(* (1) If $t\ge2$ and $\mu_B(t)\le u\le1$, then $\mathfrak{e}^B_{t,u}\in\mathcal{E}(\mathcal{P}^{s+}_{3,5})$. (2) If $t\ge2$, $\mu_B(t)\le u<1$ and $f\in\mathcal{P}^{s+}_{3,5}$ satisfies $f(t,1,1)=f(0,u,1)=f_b(0,u,1)=0$, then $f=\lambda\mathfrak{e}^B_{t,u}$ for some $\lambda\ge0$. (3) If $t\ge2$ and $f\in\mathcal{P}^{s+}_{3,5}$ satisfies $f(t,1,1)=f(0,1,1)=f_{bb}(0,1,1)=0$, then $f=\lambda\mathfrak{e}^B_{t,1}$ for some $\lambda\ge0$. (4) $\mathfrak{e}^B_{2,1}=\mathfrak{e}^C_2$.
   Context: Let $a,b,c$ be variables. For nonnegative integers $m,n$ put $S_{m,n}=a^mb^n+b^mc^n+c^ma^n$, $S_n=S_{n,0}=a^n+b^n+c^n$, $T_{m,n}=S_{m,n}+S_{n,m}$, $U=abc$ (so $S_{1,1}=ab+bc+ca$). Let $\mathcal{H}^s_{3,5}$ be the real vector space of symmetric homogeneous polynomials of degree 5 in $\mathbb{R}[a,b,c]$; it has basis $s_0=S_5-US_{1,1}$, $s_1=T_{4,1}-2US_{1,1}$, $s_2=T_{3,2}-2US_{1,1}$, $s_3=US_2-US_{1,1}$, $s_4=US_{1,1}$. Let $\mathcal{P}^{s+}_{3,5}=\{f\in\mathcal{H}^s_{3,5}: f(a,b,c)\ge 0\text{ for all }a,b,c\ge0\}$. For a closed convex cone $\mathcal{P}$, an element $f\in\mathcal{P}\setminus\{0\}$ is extremal if whenever $f=g+h$ with $g,h\in\mathcal{P}$ we have $g,h\in\mathbb{R}_{\ge0}f$; $\mathcal{E}(\mathcal{P})$ is the set of extremal elements. $f_b=\partial f/\partial b$, $f_{bb}=\partial^2f/\partial b^2$. Auxiliary functions: $\mu_R(t)=2-t^2+t\sqrt{(t-1)(t+2)}$, $\mu_B(t)=\tfrac12\big(\mu_R(t)-\sqrt{\mu_R(t)^2-4}\big)$ (for $t\ge2$), $\omega(u)=u+\frac1u-2$. Family B: with $p^B_1(t,w)=-2w-3$, $p^B_2(t,w)=w^2+2w+2$, $p^B_3(t,w)=-\frac{2t^3+4t^2+5t+1}{t^2(t+2)}w^2+\frac{2(4t^2+5t+3)}{t+2}w-\frac{3t^3-7t^2-12t-8}{t+2}$, $p^B_4(t,w)=\frac{(t-1)^3(-w^2-2t^2w+t^2(t-2))}{t^2(t+2)}$, put $\mathfrak{e}^B_{t,u}=s_0+\sum_{i=1}^4p^B_i(t,\omega(u))s_i$. Family C: $\mathfrak{e}^C_t=s_0-(t+1)s_1+ts_2+(t+1)^2s_3$. *)

From Stdlib Require Import Reals.
From Coquelicot Require Import Coquelicot.
Open Scope R_scope.

(* Polynomials in R[a,b,c] are identified with the polynomial functions R^3 -> R
   (faithful, since R is infinite). *)
Definition fun3 := R -> R -> R -> R.

Definition S (m n : nat) : fun3 := fun a b c => a^m*b^n + b^m*c^n + c^m*a^n.
Definition Sn (n : nat) : fun3 := S n 0.
Definition T (m n : nat) : fun3 := fun a b c => S m n a b c + S n m a b c.
Definition U : fun3 := fun a b c => a*b*c.

Definition s0 : fun3 := fun a b c => Sn 5 a b c - U a b c * S 1 1 a b c.
Definition s1 : fun3 := fun a b c => T 4 1 a b c - 2 * U a b c * S 1 1 a b c.
Definition s2 : fun3 := fun a b c => T 3 2 a b c - 2 * U a b c * S 1 1 a b c.
Definition s3 : fun3 := fun a b c => U a b c * Sn 2 a b c - U a b c * S 1 1 a b c.
Definition s4 : fun3 := fun a b c => U a b c * S 1 1 a b c.

Definition in_H (f : fun3) : Prop :=
  exists x0 x1 x2 x3 x4 : R, forall a b c,
    f a b c = x0 * s0 a b c + x1 * s1 a b c + x2 * s2 a b c
              + x3 * s3 a b c + x4 * s4 a b c.

Definition in_P (f : fun3) : Prop :=
  in_H f /\ forall a b c, 0 <= a -> 0 <= b -> 0 <= c -> 0 <= f a b c.

Definition extremal (P : fun3 -> Prop) (f : fun3) : Prop :=
  P f /\ (exists a b c, f a b c <> 0) /\
  forall g h : fun3, P g -> P h ->
    (forall a b c, f a b c = g a b c + h a b c) ->
    (exists l, 0 <= l /\ forall a b c, g a b c = l * f a b c) /\
    (exists l, 0 <= l /\ forall a b c, h a b c = l * f a b c).

Definition mu_R (t : R) : R := 2 - t^2 + t * sqrt ((t - 1) * (t + 2)).
Definition mu_B (t : R) : R := (mu_R t - sqrt (mu_R t ^ 2 - 4)) / 2.
Definition omega (u : R) : R := u + 1 / u - 2.

Definition pB1 (t w : R) : R := - 2 * w - 3.
Definition pB2 (t w : R) : R := w^2 + 2 * w + 2.
Definition pB3 (t w : R) : R :=
  - ((2 * t^3 + 4 * t^2 + 5 * t + 1) / (t^2 * (t + 2))) * w^2
  + (2 * (4 * t^2 + 5 * t + 3) / (t + 2)) * w
  - (3 * t^3 - 7 * t^2 - 12 * t - 8) / (t + 2).
Definition pB4 (t w : R) : R :=
  ((t - 1)^3 * (- w^2 - 2 * t^2 * w + t^2 * (t - 2))) / (t^2 * (t + 2)).

Definition eB (t u : R) : fun3 := fun a b c =>
  let w := omega u in
  s0 a b c + pB1 t w * s1 a b c + pB2 t w * s2 a b c
           + pB3 t w * s3 a b c + pB4 t w * s4 a b c.

Definition eC (t : R) : fun3 := fun a b c =>
  s0 a b c - (t + 1) * s1 a b c + t * s2 a b c + (t + 1)^2 * s3 a b c.

Definition f_b (f : fun3) (a b c : R) : R := Derive (fun y => f a y c) b.
Definition f_bb (f : fun3) (a b c : R) : R := Derive_n (fun y => f a y c) 2 b.

(* With [p = a + b + c], [q = ab + bc + ca] and [r = abc], a symmetric quintic is affine in [r]
   for fixed [p] and [q], and over the nonnegative octant [r] is extremal only at points
   [(x, x, y)] and [(x, y, 0)]. So nonnegativity is checked on these two families, where
   [eB t u] factors as [(y - t x)^2 hB] and [(x + y) (x^2 - (omega u + 2) x y + y^2)^2].
   Conversely, a nonnegative [f] vanishing at [(t, 1, 1)] and [(0, u, 1)] must also have zero
   derivative there (zero second derivative in [b] when [u = 1]); these four linear conditions
   leave only the ray of [eB t u]. Every summand of [eB t u] inherits its zeros, whence
   extremality. *)

From Stdlib Require Import Reals Lra Psatz.
From Coquelicot Require Import Coquelicot.
Open Scope R_scope.

Lemma continuous_nonneg_at_right (k : R -> R) (t : R) :
  continuous k t -> at_right t (fun x => 0 <= k x) -> 0 <= k t.
Proof.
  intros Hk Hpos.
  apply (filterlim_le (F := at_right t) (fun _ => 0) k 0 (k t) Hpos).
  - apply filterlim_const.
  - apply (filterlim_filter_le_1 (F := locally t)); [apply filter_le_within | exact Hk].
Qed.

Lemma Derive_local_min (f : R -> R) (u d : R) :
  ex_derive f u -> 0 < d -> (forall x, u - d < x < u + d -> f u <= f x) ->
  Derive f u = 0.
Proof.
  intros Hf Hd Hmin.
  assert (Hlim : derivable_pt_lim f u (Derive f u))
    by (apply is_derive_Reals, Derive_correct, Hf).
  rewrite <- (deriv_minimum f (u - d) (u + d) u (exist _ _ Hlim)); try lra.
  - reflexivity.
  - intros x H1 H2. apply Hmin. lra.
Qed.

Lemma affine_nonneg_between (B C w W : R) :
  0 <= w <= W -> 0 <= C -> 0 <= C + B * W -> 0 <= C + B * w.
Proof.
  intros [Hw HwW] HC HCW.
  destruct (Req_dec W 0) as [HW0 | HW0].
  - replace w with 0 by lra. lra.
  - assert (E : W * (C + B * w) = (W - w) * C + w * (C + B * W)) by ring.
    assert (0 <= W * (C + B * w)) by (rewrite E; nra).
    nra.
Qed.

Definition esym1 (a b c : R) : R := a + b + c.
Definition esym2 (a b c : R) : R := a * b + b * c + c * a.
Definition esym3 (a b c : R) : R := a * b * c.

Lemma esym_discriminant (a b c : R) :
  let p := esym1 a b c in let q := esym2 a b c in let r := esym3 a b c in
  p^2 * q^2 - 4 * q^3 - 4 * p^3 * r + 18 * p * q * r - 27 * r^2
  = ((a - b) * (b - c) * (c - a))^2.
Proof. unfold esym1, esym2, esym3. simpl. ring. Qed.

Lemma esym1_sq_ge (a b c : R) : 3 * esym2 a b c <= esym1 a b c ^ 2.
Proof.
  unfold esym1, esym2.
  pose proof (pow2_ge_0 (a - b)). pose proof (pow2_ge_0 (b - c)). pose proof (pow2_ge_0 (c - a)).
  nra.
Qed.

(* The bounds are the values of [r] at [((p + s)/3, (p + s)/3, (p - 2 s)/3)] and
   [((p - s)/3, (p - s)/3, (p + 2 s)/3)], the two roots in [r] of the discriminant. *)
Lemma esym3_between (a b c : R) :
  let p := esym1 a b c in let s := sqrt (p^2 - 3 * esym2 a b c) in
  (p + s)^2 * (p - 2 * s) / 27 <= esym3 a b c <= (p - s)^2 * (p + 2 * s) / 27.
Proof.
  intros p s.
  assert (Hdisc := esym_discriminant a b c). cbv zeta in Hdisc. fold p in Hdisc.
  assert (Hpq : 0 <= p^2 - 3 * esym2 a b c) by (unfold p; pose proof (esym1_sq_ge a b c); lra).
  assert (Hs0 : 0 <= s) by apply sqrt_pos.
  assert (Hs2 : s * s = p^2 - 3 * esym2 a b c) by apply sqrt_sqrt, Hpq.
  assert (Hsq := pow2_ge_0 ((a - b) * (b - c) * (c - a))).
  rewrite <- Hdisc in Hsq. clear Hdisc Hpq.
  clearbody s p. set (r := esym3 a b c) in *. clearbody r.
  replace (esym2 a b c) with ((p^2 - s * s) / 3) in Hsq by lra.
  assert (Hfac : (27 * r - (p + s)^2 * (p - 2 * s)) * ((p - s)^2 * (p + 2 * s) - 27 * r) >= 0)
    by nra.
  assert (Hord : (p + s)^2 * (p - 2 * s) <= (p - s)^2 * (p + 2 * s)) by nra.
  split; nra.
Qed.

Lemma esym_upper_witness (a b c : R) : 0 <= a -> 0 <= b -> 0 <= c ->
  exists X Y, 0 <= X /\ 0 <= Y /\ esym1 X X Y = esym1 a b c /\
    esym2 X X Y = esym2 a b c /\ esym3 a b c <= esym3 X X Y.
Proof.
  intros Ha Hb Hc.
  assert (Hr := esym3_between a b c). cbv zeta in Hr.
  assert (Hpq := esym1_sq_ge a b c). assert (Hq : 0 <= esym2 a b c) by (unfold esym2; nra).
  set (p := esym1 a b c) in *. set (q := esym2 a b c) in *.
  assert (Hs0 := sqrt_pos (p^2 - 3 * q)). assert (Hs2 := sqrt_sqrt (p^2 - 3 * q) ltac:(lra)).
  set (s := sqrt (p^2 - 3 * q)) in *.
  assert (Hp : 0 <= p) by (unfold p, esym1; lra).
  exists ((p - s) / 3), ((p + 2 * s) / 3). unfold esym1, esym2, esym3 in *.
  repeat split; [nra | lra | field | nra | lra].
Qed.

Lemma esym_lower_witness (a b c : R) : 0 <= a -> 0 <= b -> 0 <= c ->
  exists X Y, 0 <= X /\ 0 <= Y /\
    ((esym1 X X Y = esym1 a b c /\ esym2 X X Y = esym2 a b c /\
      esym3 X X Y <= esym3 a b c) \/
     (esym1 X Y 0 = esym1 a b c /\ esym2 X Y 0 = esym2 a b c)).
Proof.
  intros Ha Hb Hc.
  assert (Hr := esym3_between a b c). cbv zeta in Hr.
  assert (Hpq := esym1_sq_ge a b c). assert (Hq : 0 <= esym2 a b c) by (unfold esym2; nra).
  set (p := esym1 a b c) in *. set (q := esym2 a b c) in *.
  assert (Hs0 := sqrt_pos (p^2 - 3 * q)). assert (Hs2 := sqrt_sqrt (p^2 - 3 * q) ltac:(lra)).
  set (s := sqrt (p^2 - 3 * q)) in *.
  assert (Hp : 0 <= p) by (unfold p, esym1; lra).
  destruct (Rle_lt_dec (2 * s) p) as [Hsp | Hsp].
  - exists ((p + s) / 3), ((p - 2 * s) / 3). unfold esym1, esym2, esym3 in *.
    split; [lra | split; [lra | left]]. repeat split; [field | nra | lra].
  - (* the lower endpoint would have a negative coordinate; move to the face [c = 0] *)
    assert (He : 0 <= p^2 - 4 * q) by nra.
    assert (He0 := sqrt_pos (p^2 - 4 * q)). assert (He2 := sqrt_sqrt _ He).
    set (e := sqrt (p^2 - 4 * q)) in *.
    exists ((p + e) / 2), ((p - e) / 2). unfold esym1, esym2 in *.
    split; [lra | split; [nra | right]]. split; [field | nra].
Qed.

Lemma uvw_nonneg (F : fun3) (alpha beta : R -> R -> R) :
  (forall a b c, F a b c = beta (esym1 a b c) (esym2 a b c)
                           + alpha (esym1 a b c) (esym2 a b c) * esym3 a b c) ->
  (forall X Y, 0 <= X -> 0 <= Y -> 0 <= F X X Y) ->
  (forall X Y, 0 <= X -> 0 <= Y -> 0 <= F X Y 0) ->
  forall a b c, 0 <= a -> 0 <= b -> 0 <= c -> 0 <= F a b c.
Proof.
  intros HF HXXY HXY0 a b c Ha Hb Hc.
  rewrite HF.
  destruct (Rle_lt_dec 0 (alpha (esym1 a b c) (esym2 a b c))) as [Hal | Hal].
  - destruct (esym_lower_witness a b c Ha Hb Hc)
      as (X & Y & HX & HY & [(E1 & E2 & E3) | (E1 & E2)]).
    + assert (H := HXXY X Y HX HY). rewrite HF, E1, E2 in H. nra.
    + assert (H := HXY0 X Y HX HY). rewrite HF, E1, E2 in H.
      assert (0 <= esym3 a b c) by (unfold esym3; repeat apply Rmult_le_pos; lra).
      replace (esym3 X Y 0) with 0 in H by (unfold esym3; ring). nra.
  - destruct (esym_upper_witness a b c Ha Hb Hc) as (X & Y & HX & HY & E1 & E2 & E3).
    assert (H := HXXY X Y HX HY). rewrite HF, E1, E2 in H. nra.
Qed.

Definition basis_comb (x0 x1 x2 x3 x4 : R) : fun3 := fun a b c =>
  x0 * s0 a b c + x1 * s1 a b c + x2 * s2 a b c + x3 * s3 a b c + x4 * s4 a b c.

Definition comb_alpha (x0 x1 x2 x3 x4 p q : R) : R :=
  x0 * (5 * p^2 - 6 * q) + x1 * (- p^2 + 3 * q) + x2 * (- 2 * p^2 - 3 * q)
  + x3 * (p^2 - 3 * q) + x4 * q.
Definition comb_beta (x0 x1 x2 p q : R) : R :=
  x0 * (p^5 - 5 * p^3 * q + 5 * p * q^2) + x1 * (p^3 * q - 3 * p * q^2) + x2 * (p * q^2).

Lemma basis_comb_esym (x0 x1 x2 x3 x4 a b c : R) :
  basis_comb x0 x1 x2 x3 x4 a b c
  = comb_beta x0 x1 x2 (esym1 a b c) (esym2 a b c)
    + comb_alpha x0 x1 x2 x3 x4 (esym1 a b c) (esym2 a b c) * esym3 a b c.
Proof.
  unfold basis_comb, comb_beta, comb_alpha, esym1, esym2, esym3,
    s0, s1, s2, s3, s4, Sn, T, U, S.
  ring.
Qed.

Lemma basis_comb_nonneg (x0 x1 x2 x3 x4 : R) :
  (forall X Y, 0 <= X -> 0 <= Y -> 0 <= basis_comb x0 x1 x2 x3 x4 X X Y) ->
  (forall X Y, 0 <= X -> 0 <= Y -> 0 <= basis_comb x0 x1 x2 x3 x4 X Y 0) ->
  forall a b c, 0 <= a -> 0 <= b -> 0 <= c -> 0 <= basis_comb x0 x1 x2 x3 x4 a b c.
Proof. apply uvw_nonneg with (comb_alpha x0 x1 x2 x3 x4) (comb_beta x0 x1 x2), basis_comb_esym. Qed.

Lemma basis_comb_0b1 (x0 x1 x2 x3 x4 b : R) :
  basis_comb x0 x1 x2 x3 x4 0 b 1 = x0 * (b^5 + 1) + x1 * (b^4 + b) + x2 * (b^3 + b^2).
Proof. unfold basis_comb, s0, s1, s2, s3, s4, Sn, T, U, S. ring. Qed.

Definition qB (t w : R) : R := t^3 - 2 * t^2 - 2 * t^2 * w - w^2.

Definition hB (t w x y : R) : R :=
  t^4*x^2*y + 2*t^4*x*y^2 - 2*t^3*w*x^2*y - 4*t^3*w*x*y^2 - 8*t^3*x^2*y - 2*t^3*x*y^2
  + t^3*y^3 + 14*t^2*w*x^2*y - 8*t^2*w*x*y^2 + 16*t^2*x^2*y - 12*t^2*x*y^2 + 2*t^2*y^3
  + 2*t*w^2*x^3 - 5*t*w^2*x^2*y + 4*w^2*x^3 - w^2*x^2*y.

Lemma w_bound_of_qB_nonneg (t w : R) : 0 < t -> 0 <= qB t w -> 2 * w <= t - 2.
Proof.
  unfold qB. intros Ht HQ.
  assert (H : 0 <= t^2 * (t - 2 - 2 * w)) by nra.
  assert (0 < t^2) by nra.
  destruct (Rle_lt_dec (2 * w) (t - 2)); [lra | nra].
Qed.

Lemma hB_0_nonneg (t x y : R) : 2 <= t -> 0 <= x -> 0 <= y -> 0 <= hB t 0 x y.
Proof.
  intros Ht Hx Hy.
  assert (E : hB t 0 x y
              = t^2 * y * ((t + 2) * y^2 + 2 * (t - 3) * (t + 2) * x * y + (t - 4)^2 * x^2))
    by (unfold hB; ring).
  rewrite E. apply Rmult_le_pos; [nra |].
  destruct (Rle_lt_dec 3 t).
  - assert (0 <= (t - 3) * (t + 2) * x * y) by (repeat apply Rmult_le_pos; lra).
    assert (0 <= (t + 2) * y^2) by (apply Rmult_le_pos; [lra | apply pow2_ge_0]).
    assert (0 <= (t - 4)^2 * x^2) by (apply Rmult_le_pos; apply pow2_ge_0).
    lra.
  - assert (E' : (t + 2) * y^2 + 2 * (t - 3) * (t + 2) * x * y + (t - 4)^2 * x^2
                 = (t + 2) * (y + (t - 3) * x)^2 + (t - 2) * (- t^2 + 3 * t + 1) * x^2)
      by ring.
    rewrite E'. assert (0 <= (t - 2) * (- t^2 + 3 * t + 1)) by (apply Rmult_le_pos; nra).
    apply Rplus_le_le_0_compat; apply Rmult_le_pos; try apply pow2_ge_0; lra.
Qed.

What to do
Among the records, find all lines that include the string "split" and return them.

Finished exercise
  split; nra.
  repeat split; [nra | lra | field | nra | lra].
    split; [lra | split; [lra | left]]. repeat split; [field | nra | lra].
    split; [lra | split; [nra | right]]. split; [field | nra].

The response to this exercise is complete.